* **What is required**
Would you please output the lines from the one holding "From Stdlib Require Import Reals." to the end of the entries, exactly and with no others?
● ● ● ● ● ● ●
(* Assume the standing hypotheses (H). For each $(t,\mathbf x)\in\mathbf D$, $$\widetilde g(t,\mathbf x)=-\Sigma\big(\phi^\star S^2\mathcal C_{SS}-(\beta\mathcal V_A+S^2\Gamma)\big)\widetilde\sigma-\Sigma\Big(\phi^\star S\mathcal C_{S\Sigma}-S\frac{\partial\Delta}{\partial\Sigma}\Big)\widetilde\eta-\frac12\big(\phi^\star\mathcal C_{\Sigma\Sigma}-\mathcal V_{\Sigma\Sigma}\big)\widetilde\xi,$$ where $(\widetilde\nu,\widetilde\sigma,\widetilde\eta,\widetilde\xi)=\widetilde{\boldsymbol\zeta}$, $\phi^\star=\mathcal V_\Sigma/\mathcal C_\Sigma$, and all functions are evaluated at $(t,\mathbf x)$.
   Context: Setting. Fix $T>0$, $S_0>0$, $\Sigma_0>0$, $A_0\in\mathbb R$. $\Omega$: continuous paths $\omega=(\omega^S,\omega^\Sigma,\omega^A):[0,T]\to\mathbb R^3$ with $\omega_0=(S_0,\Sigma_0,A_0)$ (uniform topology, Borel $\sigma$-algebra $\mathcal F$); $S,\Sigma,A$ coordinate processes, $\mathbb F$ their raw filtration, $M_t=\sup_{u\le t}S_u$, $\mathbf X_t=(S_t,A_t,M_t,\Sigma_t)$. $\mathbf G=\mathbb R_+\times\mathbb R\times\mathbb R_+$, $\mathbf D^0=(0,T)\times\mathbf G\times\mathbb R_+$ (points $(t,\mathbf x)$, $\mathbf x=(S,A,M,\Sigma)$); $0<\underline\Sigma<\Sigma_0<\overline\Sigma$, $\mathbf D=(0,T)\times\mathbf G\times[\underline\Sigma,\overline\Sigma]$. $\|\cdot\|$ Euclidean norm, $\mathbf e_4$ fourth unit vector, $x^-=\max(-x,0)$. Call: $\mathcal C(t,S,\Sigma)$ with $\mathcal C_t+\frac12\Sigma^2S^2\mathcal C_{SS}=0$, $\mathcal C(T_{\mathsf C},S,\Sigma)=\mathsf C(S)$. $b^{\mathcal C}(t,\mathbf x;\boldsymbol\zeta)=\nu\mathcal C_\Sigma+\frac12S^2\mathcal C_{SS}(\sigma^2-\Sigma^2)+\sigma\eta S\mathcal C_{S\Sigma}+\frac12(\eta^2+\xi)\mathcal C_{\Sigma\Sigma}$ for $\boldsymbol\zeta=(\nu,\sigma,\eta,\xi)$. Models: $\mathfrak P^{00}$ = probability measures $P$ on $(\Omega,\mathcal F)$ with progressively measurable $\boldsymbol\zeta^P=(\nu^P,\sigma^P,\eta^P,\xi^P)$ such that $S$, $\Sigma-\int_0^\cdot\nu^P_tdt$ are continuous local $P$-martingales with $d\langle S\rangle_t=S_t^2(\sigma^P_t)^2dt$, $d\langle\Sigma\rangle_t=((\eta^P_t)^2+\xi^P_t)dt$, $d\langle S,\Sigma\rangle_t=S_t\sigma^P_t\eta^P_tdt$, $S,\Sigma>0$, $\xi^P\ge0$, $b^{\mathcal C}(t,\mathbf X_t;\boldsymbol\zeta^P_t)=0$ $dt\times P$-a.e.; for Borel $\alpha,\beta,\gamma,\delta:[0,T]\times\mathbb R^3\to\mathbb R$, $\mathfrak P^0$ = those $P$ with $dA_t=(\alpha+\frac12(\sigma^P_t)^2\beta)dt+\gamma dS_t+\delta dM_t$. $\boldsymbol\zeta^0(\Sigma)=(0,\Sigma,0,0)^\top$; reference model: $\boldsymbol\zeta^P_t=\boldsymbol\zeta^0(\Sigma_t)$ a.e. Non-traded option: $\mathcal V(\cdot,\Sigma)$ solves $\mathcal V_t+(\alpha+\frac12\beta\Sigma^2)\mathcal V_A+\frac12\Sigma^2S^2(\mathcal V_{SS}+2\gamma\mathcal V_{SA}+\gamma^2\mathcal V_{AA})=0$ on $(0,T)\times\mathbf G$, $\delta\mathcal V_A+\mathcal V_M=0$ on $\{S\ge M\}$, $\mathcal V(T,\cdot,\Sigma)=\mathsf V$. $\Delta=\mathcal V_S+\gamma\mathcal V_A$, $\Gamma=\mathcal V_{SS}+2\gamma\mathcal V_{SA}+\gamma^2\mathcal V_{AA}$, $\frac{\partial\Delta}{\partial\Sigma}:=\mathcal V_{S\Sigma}+\gamma\mathcal V_{A\Sigma}$. P&L: $V_t=\mathcal V(t,\mathbf X_t)$, $C_t=\mathcal C(t,S_t,\Sigma_t)$; strategies $\boldsymbol\upsilon=(\theta,\phi)$ real locally bounded progressive; $Y^{\boldsymbol\upsilon,P}_t=Y_0+V_0+\int_0^t\theta dS+\int_0^t\phi dC-V_t$. Preferences: $\Psi=\mathrm{diag}(\psi_\nu,\psi_\sigma,\psi_\eta,\psi_\xi)$, positive; a utility $U$, strategy set $\mathfrak Y$, model set $\mathfrak P\subset\mathfrak P^0$. Candidate control: $\mathbf c=(\mathcal C_\Sigma,\Sigma S^2\mathcal C_{SS},\Sigma S\mathcal C_{S\Sigma},\frac12\mathcal C_{\Sigma\Sigma})^\top$, $\mathbf v=(\mathcal V_\Sigma,\Sigma(\beta\mathcal V_A+S^2\Gamma),\Sigma S\frac{\partial\Delta}{\partial\Sigma},\frac12\mathcal V_{\Sigma\Sigma})^\top$; $\lambda=\frac{\mathbf c^\top\Psi\mathbf v}{\mathbf c^\top\Psi\mathbf c}$ if $\mathcal V_{\Sigma\Sigma}-\frac{\mathbf c^\top\Psi\mathbf v}{\mathbf c^\top\Psi\mathbf c}\mathcal C_{\Sigma\Sigma}\ge0$, else $\lambda=\frac{\mathbf c^\top\Psi\mathbf v-\frac14\mathcal C_{\Sigma\Sigma}\mathcal V_{\Sigma\Sigma}\psi_\xi}{\mathbf c^\top\Psi\mathbf c-\frac14\mathcal C_{\Sigma\Sigma}^2\psi_\xi}$; $\mu=\frac12(\mathcal V_{\Sigma\Sigma}-\lambda\mathcal C_{\Sigma\Sigma})^-$; $\widetilde{\boldsymbol\zeta}=\Psi(\mathbf v-\lambda\mathbf c+\mu\mathbf e_4)$; $\boldsymbol\zeta^\psi=\boldsymbol\zeta^0(\Sigma)+\widetilde{\boldsymbol\zeta}\mathbf 1_{\{\underline\Sigma<\Sigma<\overline\Sigma\}}\psi$; $\widetilde g=\mathbf v^\top\widetilde{\boldsymbol\zeta}$. Cash-equivalent PDE: for $\Sigma\in[\underline\Sigma,\overline\Sigma]$, $\widetilde w_t+(\alpha+\frac12\beta\Sigma^2)\widetilde w_A+\frac12\Sigma^2S^2(\widetilde w_{SS}+2\gamma\widetilde w_{SA}+\gamma^2\widetilde w_{AA})+\frac12\widetilde g(\cdot,\Sigma)=0$ on $(0,T)\times\mathbf G$, $\delta\widetilde w_A+\widetilde w_M=0$ on $\{S\ge M\}$, $\widetilde w(T,\cdot,\Sigma)=0$. $L^p_{\mathfrak P}$: Borel $K$ on $\mathbf D^0$ with $\sup_{P\in\mathfrak P}E^P[\int_0^T|K(t,\mathbf X_t)|^pdt]^{1/p}<\infty$. Candidate asymptotic model family: $(P^\psi)_{\psi\in(0,\psi_0)}\subset\mathfrak P$, $\psi_0\in(0,1)$, with $K_0\in L^4_{\mathfrak P}$ and $\|\boldsymbol\zeta^{P^\psi}_t-\boldsymbol\zeta^\psi(t,\mathbf X_t)\|\le K_0(t,\mathbf X_t)\psi^2$ $dt\times P^\psi$-a.e. Assumption (A): (a) $\exists K_{\mathfrak Y}$: $Y^{\boldsymbol\upsilon,P}>-K_{\mathfrak Y}$ $dt\times P$-a.e. for all $\boldsymbol\upsilon\in\mathfrak Y$, $P\in\mathfrak P$; (b) $\mathfrak P$ contains a candidate asymptotic model family and a reference model, and constants $\underline\nu<0<\overline\nu$, $0<\underline\sigma<\underline\Sigma$, $\overline\Sigma<\overline\sigma$, $\underline\eta<0<\overline\eta$, $\overline\xi>0$ bound $\nu^P,\sigma^P,\eta^P,\xi^P,\Sigma$ in $[\underline\nu,\overline\nu],[\underline\sigma,\overline\sigma],[\underline\eta,\overline\eta],[0,\overline\xi],[\underline\Sigma,\overline\Sigma]$ $dt\times P$-a.e. for all $P\in\mathfrak P$; (c) $T_{\mathsf C}\ge T$, $\mathcal C\in C^{1,2,2}((0,T_{\mathsf C})\times\mathbb R_+^2)\cap C([0,T_{\mathsf C}]\times\overline{\mathbb R}_+^2)$ solves the call PDE classically for $\Sigma\in[\underline\Sigma,\overline\Sigma]$, $\mathcal C_\Sigma\ne0$ and $|\mathcal C_{\Sigma\Sigma}|\le K_{\mathcal C}(|\mathcal C_\Sigma|+|S^2\mathcal C_{SS}|+|S\mathcal C_{S\Sigma}|)$ on $(0,T)\times\mathbb R_+\times[\underline\Sigma,\overline\Sigma]$ with $K_{\mathcal C}\in L^2_{\mathfrak P}$; (d) $\mathcal V\in C^{1,2,2,1,2}(\mathbf D^0)\cap C(\overline{\mathbf D^0})$ solves the $\mathcal V$-PDE classically for $\Sigma\in[\underline\Sigma,\overline\Sigma]$, $|\mathcal V_\Sigma|,|\beta\mathcal V_A+S^2\Gamma|,|S\frac{\partial\Delta}{\partial\Sigma}|,|\mathcal V_{\Sigma\Sigma}|\le K_{\mathcal V}$ on $\mathbf D$; (e) $\widetilde w\in C^{1,2,2,1,2}(\mathbf D^0)\cap C(\overline{\mathbf D^0})$ solves the cash-equivalent PDE classically for $\Sigma\in[\underline\Sigma,\overline\Sigma]$, $0\le\widetilde w\le K_{\widetilde w}$ on $\mathbf D$, and $\widetilde w_\Sigma,S(\widetilde w_S+\gamma\widetilde w_A),\beta\widetilde w_A+S^2(\widetilde w_{SS}+2\gamma\widetilde w_{SA}+\gamma^2\widetilde w_{AA}),S(\widetilde w_{S\Sigma}+\gamma\widetilde w_{A\Sigma}),\widetilde w_{\Sigma\Sigma}\in L^4_{\mathfrak P}$; (f) $U\in C^3(\mathbb R)$, $U'>0$, $U''<0$, $-U''/U'$ nonincreasing. Delta-vega hedge $\boldsymbol\upsilon^\star_t=(\Delta-\frac{\mathcal V_\Sigma}{\mathcal C_\Sigma}\mathcal C_S,\frac{\mathcal V_\Sigma}{\mathcal C_\Sigma})(t,\mathbf X_t)$. Standing hypotheses (H): Assumption (A) holds, $\boldsymbol\upsilon^\star\in\mathfrak Y$, and $(P^\psi)_{\psi\in(0,\psi_0)}\subset\mathfrak P$ is a candidate asymptotic model family. *)

From Stdlib Require Import Reals.
From Coquelicot Require Import Coquelicot.
Open Scope R_scope.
● ● ● ● ● ● ●
* **Your response**
From Stdlib Require Import Reals.
From Coquelicot Require Import Coquelicot.
Open Scope R_scope.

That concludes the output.